▶ [Assignment] Could you retype, exactly as written, every line from the top of the records through the line that contains "by rewrite Nmul_add_arc"?

═════ Data listing ═════

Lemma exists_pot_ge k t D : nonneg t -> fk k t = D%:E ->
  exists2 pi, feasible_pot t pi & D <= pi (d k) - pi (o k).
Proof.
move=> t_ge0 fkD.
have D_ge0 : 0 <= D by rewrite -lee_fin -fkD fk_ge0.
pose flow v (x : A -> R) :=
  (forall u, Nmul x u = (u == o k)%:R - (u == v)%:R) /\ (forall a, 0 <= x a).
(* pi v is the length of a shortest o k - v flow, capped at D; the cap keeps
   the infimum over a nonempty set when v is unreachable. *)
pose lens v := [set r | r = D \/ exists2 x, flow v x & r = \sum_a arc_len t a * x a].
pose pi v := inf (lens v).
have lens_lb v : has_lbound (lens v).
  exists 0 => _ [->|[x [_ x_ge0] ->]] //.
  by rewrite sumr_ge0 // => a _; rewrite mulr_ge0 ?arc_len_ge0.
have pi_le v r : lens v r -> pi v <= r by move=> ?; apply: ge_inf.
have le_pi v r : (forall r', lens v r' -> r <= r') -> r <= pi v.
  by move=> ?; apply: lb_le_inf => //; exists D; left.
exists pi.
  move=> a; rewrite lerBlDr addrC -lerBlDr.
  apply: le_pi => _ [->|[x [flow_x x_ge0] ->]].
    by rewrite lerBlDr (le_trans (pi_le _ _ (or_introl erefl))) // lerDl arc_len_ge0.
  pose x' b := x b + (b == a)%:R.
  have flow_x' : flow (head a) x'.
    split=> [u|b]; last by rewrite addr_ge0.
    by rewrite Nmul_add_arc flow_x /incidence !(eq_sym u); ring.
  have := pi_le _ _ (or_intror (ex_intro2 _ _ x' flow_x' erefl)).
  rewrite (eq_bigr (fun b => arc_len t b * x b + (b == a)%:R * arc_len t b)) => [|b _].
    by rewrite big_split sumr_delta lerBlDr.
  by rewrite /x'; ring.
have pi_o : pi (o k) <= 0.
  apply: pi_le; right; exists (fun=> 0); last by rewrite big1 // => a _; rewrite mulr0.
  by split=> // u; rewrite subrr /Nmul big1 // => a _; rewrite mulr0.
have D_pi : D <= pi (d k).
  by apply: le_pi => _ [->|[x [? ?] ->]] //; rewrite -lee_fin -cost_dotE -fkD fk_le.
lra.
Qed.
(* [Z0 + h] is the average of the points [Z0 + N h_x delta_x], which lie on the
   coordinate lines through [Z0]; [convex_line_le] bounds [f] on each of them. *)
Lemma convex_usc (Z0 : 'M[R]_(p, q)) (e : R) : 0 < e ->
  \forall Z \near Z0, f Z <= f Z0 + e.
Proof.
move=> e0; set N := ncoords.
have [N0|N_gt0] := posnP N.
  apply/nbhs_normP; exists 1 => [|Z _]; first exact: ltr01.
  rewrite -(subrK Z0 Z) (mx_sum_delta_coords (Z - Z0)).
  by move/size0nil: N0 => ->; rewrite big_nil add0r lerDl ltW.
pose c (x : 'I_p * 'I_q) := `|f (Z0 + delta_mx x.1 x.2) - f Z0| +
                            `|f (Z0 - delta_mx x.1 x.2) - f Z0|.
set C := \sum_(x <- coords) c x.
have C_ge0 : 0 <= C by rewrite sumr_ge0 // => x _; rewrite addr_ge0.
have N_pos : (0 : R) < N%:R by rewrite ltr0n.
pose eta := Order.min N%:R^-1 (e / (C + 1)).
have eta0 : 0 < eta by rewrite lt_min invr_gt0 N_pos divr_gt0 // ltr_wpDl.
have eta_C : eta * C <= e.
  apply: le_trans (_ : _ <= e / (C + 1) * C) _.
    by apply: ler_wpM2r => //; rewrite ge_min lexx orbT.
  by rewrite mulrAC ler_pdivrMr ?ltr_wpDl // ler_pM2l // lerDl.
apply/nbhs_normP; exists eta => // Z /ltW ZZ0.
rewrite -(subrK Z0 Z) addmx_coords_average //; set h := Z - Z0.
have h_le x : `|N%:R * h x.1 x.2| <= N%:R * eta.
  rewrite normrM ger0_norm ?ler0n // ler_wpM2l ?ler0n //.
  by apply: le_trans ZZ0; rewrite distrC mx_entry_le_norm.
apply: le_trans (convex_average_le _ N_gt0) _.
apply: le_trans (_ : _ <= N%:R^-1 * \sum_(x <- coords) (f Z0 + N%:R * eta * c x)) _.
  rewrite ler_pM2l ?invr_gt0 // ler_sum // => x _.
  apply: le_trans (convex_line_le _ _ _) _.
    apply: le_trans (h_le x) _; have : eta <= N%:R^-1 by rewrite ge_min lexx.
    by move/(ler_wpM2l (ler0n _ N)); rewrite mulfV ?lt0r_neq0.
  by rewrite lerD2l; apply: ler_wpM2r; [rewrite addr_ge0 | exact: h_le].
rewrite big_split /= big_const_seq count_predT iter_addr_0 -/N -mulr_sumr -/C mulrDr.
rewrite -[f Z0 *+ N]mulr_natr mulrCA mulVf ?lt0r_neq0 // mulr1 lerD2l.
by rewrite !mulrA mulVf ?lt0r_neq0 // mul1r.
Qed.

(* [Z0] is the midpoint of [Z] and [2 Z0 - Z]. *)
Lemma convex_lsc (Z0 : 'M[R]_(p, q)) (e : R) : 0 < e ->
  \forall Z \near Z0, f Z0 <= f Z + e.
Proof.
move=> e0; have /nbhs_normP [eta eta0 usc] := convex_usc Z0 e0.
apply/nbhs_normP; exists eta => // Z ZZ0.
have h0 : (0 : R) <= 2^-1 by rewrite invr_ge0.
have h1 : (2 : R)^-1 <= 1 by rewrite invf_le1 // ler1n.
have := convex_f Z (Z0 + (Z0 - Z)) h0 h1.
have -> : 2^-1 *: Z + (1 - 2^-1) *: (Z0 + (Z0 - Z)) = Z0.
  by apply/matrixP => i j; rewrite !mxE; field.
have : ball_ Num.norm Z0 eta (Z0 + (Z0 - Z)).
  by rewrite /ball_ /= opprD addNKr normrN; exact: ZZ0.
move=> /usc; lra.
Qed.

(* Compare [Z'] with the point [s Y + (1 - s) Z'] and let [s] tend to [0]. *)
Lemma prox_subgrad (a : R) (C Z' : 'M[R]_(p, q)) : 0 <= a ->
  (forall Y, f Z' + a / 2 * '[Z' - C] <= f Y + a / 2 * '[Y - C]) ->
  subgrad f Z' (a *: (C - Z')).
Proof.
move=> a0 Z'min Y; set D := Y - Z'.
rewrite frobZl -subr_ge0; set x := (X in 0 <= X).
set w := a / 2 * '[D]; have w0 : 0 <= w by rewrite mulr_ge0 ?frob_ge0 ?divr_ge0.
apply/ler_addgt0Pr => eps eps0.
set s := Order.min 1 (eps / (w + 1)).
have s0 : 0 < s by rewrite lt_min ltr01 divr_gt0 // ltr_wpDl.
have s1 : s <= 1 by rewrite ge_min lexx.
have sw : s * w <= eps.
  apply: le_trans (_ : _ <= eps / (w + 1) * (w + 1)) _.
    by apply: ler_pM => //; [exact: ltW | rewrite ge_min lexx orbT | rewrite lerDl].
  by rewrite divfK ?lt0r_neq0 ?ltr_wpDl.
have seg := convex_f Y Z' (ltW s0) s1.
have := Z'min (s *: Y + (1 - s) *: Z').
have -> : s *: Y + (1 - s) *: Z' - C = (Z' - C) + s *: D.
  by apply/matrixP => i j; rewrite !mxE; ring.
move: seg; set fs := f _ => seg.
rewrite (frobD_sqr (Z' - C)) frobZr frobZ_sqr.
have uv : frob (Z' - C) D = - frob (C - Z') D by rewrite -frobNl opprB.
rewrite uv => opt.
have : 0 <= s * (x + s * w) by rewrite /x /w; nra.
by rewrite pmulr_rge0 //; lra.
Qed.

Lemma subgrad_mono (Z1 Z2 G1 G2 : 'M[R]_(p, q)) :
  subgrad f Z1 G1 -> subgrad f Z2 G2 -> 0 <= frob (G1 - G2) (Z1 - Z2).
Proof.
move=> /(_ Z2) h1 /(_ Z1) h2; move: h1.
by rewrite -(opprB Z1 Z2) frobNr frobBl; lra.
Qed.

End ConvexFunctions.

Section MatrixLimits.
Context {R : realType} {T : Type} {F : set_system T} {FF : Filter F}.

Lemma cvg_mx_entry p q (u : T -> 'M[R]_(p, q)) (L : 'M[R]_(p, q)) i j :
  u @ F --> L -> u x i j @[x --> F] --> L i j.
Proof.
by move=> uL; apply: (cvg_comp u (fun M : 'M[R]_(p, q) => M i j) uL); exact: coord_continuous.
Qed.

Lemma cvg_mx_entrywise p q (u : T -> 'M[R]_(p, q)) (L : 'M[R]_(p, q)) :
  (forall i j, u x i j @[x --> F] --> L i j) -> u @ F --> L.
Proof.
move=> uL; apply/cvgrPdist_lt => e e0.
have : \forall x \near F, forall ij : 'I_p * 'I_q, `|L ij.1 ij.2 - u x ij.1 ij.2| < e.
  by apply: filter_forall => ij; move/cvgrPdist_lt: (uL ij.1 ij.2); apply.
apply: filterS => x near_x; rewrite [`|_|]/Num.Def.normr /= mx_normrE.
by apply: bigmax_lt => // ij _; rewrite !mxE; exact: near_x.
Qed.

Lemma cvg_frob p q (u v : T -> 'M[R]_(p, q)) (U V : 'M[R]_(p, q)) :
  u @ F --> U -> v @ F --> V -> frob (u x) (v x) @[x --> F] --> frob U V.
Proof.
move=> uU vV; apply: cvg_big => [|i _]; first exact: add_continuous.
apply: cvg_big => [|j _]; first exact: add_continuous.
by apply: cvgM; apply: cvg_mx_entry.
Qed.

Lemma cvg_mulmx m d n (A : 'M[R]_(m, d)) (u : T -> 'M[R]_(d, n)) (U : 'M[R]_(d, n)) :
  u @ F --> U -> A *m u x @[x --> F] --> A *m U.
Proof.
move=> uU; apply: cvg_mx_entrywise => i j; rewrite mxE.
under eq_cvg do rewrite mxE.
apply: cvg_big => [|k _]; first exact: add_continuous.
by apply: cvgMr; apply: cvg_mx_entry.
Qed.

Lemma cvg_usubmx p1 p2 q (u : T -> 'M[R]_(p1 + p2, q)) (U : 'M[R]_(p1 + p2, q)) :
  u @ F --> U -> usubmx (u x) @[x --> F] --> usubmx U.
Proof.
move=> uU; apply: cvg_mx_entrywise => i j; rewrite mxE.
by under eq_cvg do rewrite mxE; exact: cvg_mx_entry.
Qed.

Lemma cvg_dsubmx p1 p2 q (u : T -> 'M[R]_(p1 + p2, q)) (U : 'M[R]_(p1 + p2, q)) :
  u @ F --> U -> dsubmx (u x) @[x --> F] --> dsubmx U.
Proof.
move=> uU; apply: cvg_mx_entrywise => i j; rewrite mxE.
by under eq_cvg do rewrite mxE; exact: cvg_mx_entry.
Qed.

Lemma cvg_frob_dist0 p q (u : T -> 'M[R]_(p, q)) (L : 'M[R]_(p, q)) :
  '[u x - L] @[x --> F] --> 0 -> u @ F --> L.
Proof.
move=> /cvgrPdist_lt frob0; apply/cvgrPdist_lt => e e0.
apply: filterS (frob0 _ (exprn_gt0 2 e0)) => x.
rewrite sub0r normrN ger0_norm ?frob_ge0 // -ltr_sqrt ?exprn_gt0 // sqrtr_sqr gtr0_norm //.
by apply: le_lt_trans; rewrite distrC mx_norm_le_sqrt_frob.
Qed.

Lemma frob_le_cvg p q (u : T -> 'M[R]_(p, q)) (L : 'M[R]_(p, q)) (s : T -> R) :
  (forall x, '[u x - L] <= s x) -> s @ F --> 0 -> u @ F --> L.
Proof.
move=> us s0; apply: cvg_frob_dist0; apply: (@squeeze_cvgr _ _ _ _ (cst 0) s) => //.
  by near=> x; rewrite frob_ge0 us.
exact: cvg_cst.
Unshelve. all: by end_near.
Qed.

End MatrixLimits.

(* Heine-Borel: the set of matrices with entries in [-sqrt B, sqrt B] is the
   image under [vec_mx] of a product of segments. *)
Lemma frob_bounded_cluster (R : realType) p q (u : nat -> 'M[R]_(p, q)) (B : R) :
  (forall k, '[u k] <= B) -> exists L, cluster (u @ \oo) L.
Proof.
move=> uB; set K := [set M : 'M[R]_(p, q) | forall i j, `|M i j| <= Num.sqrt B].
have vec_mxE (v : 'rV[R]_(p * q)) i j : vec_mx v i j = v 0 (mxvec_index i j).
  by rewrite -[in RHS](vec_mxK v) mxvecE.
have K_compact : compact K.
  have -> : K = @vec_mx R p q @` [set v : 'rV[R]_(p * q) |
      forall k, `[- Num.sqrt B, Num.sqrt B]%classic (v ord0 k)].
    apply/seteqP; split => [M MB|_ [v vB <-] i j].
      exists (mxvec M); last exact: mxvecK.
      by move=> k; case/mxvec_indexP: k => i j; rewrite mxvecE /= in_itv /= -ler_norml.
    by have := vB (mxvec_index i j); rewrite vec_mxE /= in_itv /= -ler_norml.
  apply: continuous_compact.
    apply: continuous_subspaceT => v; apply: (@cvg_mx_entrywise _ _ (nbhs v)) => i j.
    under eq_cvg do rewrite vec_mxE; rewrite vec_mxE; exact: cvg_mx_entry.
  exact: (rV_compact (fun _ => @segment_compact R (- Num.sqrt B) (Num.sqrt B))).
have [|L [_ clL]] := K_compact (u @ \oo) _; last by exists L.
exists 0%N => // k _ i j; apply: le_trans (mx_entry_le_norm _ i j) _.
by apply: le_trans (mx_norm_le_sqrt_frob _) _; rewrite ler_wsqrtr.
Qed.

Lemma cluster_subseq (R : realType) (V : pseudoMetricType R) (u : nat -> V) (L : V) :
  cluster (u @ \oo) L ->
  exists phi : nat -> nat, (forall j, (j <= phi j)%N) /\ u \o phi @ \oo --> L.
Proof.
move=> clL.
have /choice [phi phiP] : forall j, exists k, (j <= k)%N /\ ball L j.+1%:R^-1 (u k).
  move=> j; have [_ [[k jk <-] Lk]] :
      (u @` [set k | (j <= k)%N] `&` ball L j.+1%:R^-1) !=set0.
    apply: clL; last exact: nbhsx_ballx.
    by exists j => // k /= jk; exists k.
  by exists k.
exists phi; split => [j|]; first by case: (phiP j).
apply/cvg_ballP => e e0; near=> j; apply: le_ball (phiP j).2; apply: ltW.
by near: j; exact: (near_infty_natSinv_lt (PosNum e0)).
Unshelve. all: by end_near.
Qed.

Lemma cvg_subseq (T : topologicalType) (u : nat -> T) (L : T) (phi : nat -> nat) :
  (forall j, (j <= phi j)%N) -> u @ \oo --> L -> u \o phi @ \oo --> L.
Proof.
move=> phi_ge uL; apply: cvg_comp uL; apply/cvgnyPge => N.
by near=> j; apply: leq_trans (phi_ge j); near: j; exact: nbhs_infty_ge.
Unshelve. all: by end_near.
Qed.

═════

▶ [Reply to the exercise]
Lemma exists_pot_ge k t D : nonneg t -> fk k t = D%:E ->
  exists2 pi, feasible_pot t pi & D <= pi (d k) - pi (o k).
Proof.
move=> t_ge0 fkD.
have D_ge0 : 0 <= D by rewrite -lee_fin -fkD fk_ge0.
pose flow v (x : A -> R) :=
  (forall u, Nmul x u = (u == o k)%:R - (u == v)%:R) /\ (forall a, 0 <= x a).
(* pi v is the length of a shortest o k - v flow, capped at D; the cap keeps
   the infimum over a nonempty set when v is unreachable. *)
pose lens v := [set r | r = D \/ exists2 x, flow v x & r = \sum_a arc_len t a * x a].
pose pi v := inf (lens v).
have lens_lb v : has_lbound (lens v).
  exists 0 => _ [->|[x [_ x_ge0] ->]] //.
  by rewrite sumr_ge0 // => a _; rewrite mulr_ge0 ?arc_len_ge0.
have pi_le v r : lens v r -> pi v <= r by move=> ?; apply: ge_inf.
have le_pi v r : (forall r', lens v r' -> r <= r') -> r <= pi v.
  by move=> ?; apply: lb_le_inf => //; exists D; left.
exists pi.
  move=> a; rewrite lerBlDr addrC -lerBlDr.
  apply: le_pi => _ [->|[x [flow_x x_ge0] ->]].
    by rewrite lerBlDr (le_trans (pi_le _ _ (or_introl erefl))) // lerDl arc_len_ge0.
  pose x' b := x b + (b == a)%:R.
  have flow_x' : flow (head a) x'.
    split=> [u|b]; last by rewrite addr_ge0.
    by rewrite Nmul_add_arc flow_x /incidence !(eq_sym u); ring.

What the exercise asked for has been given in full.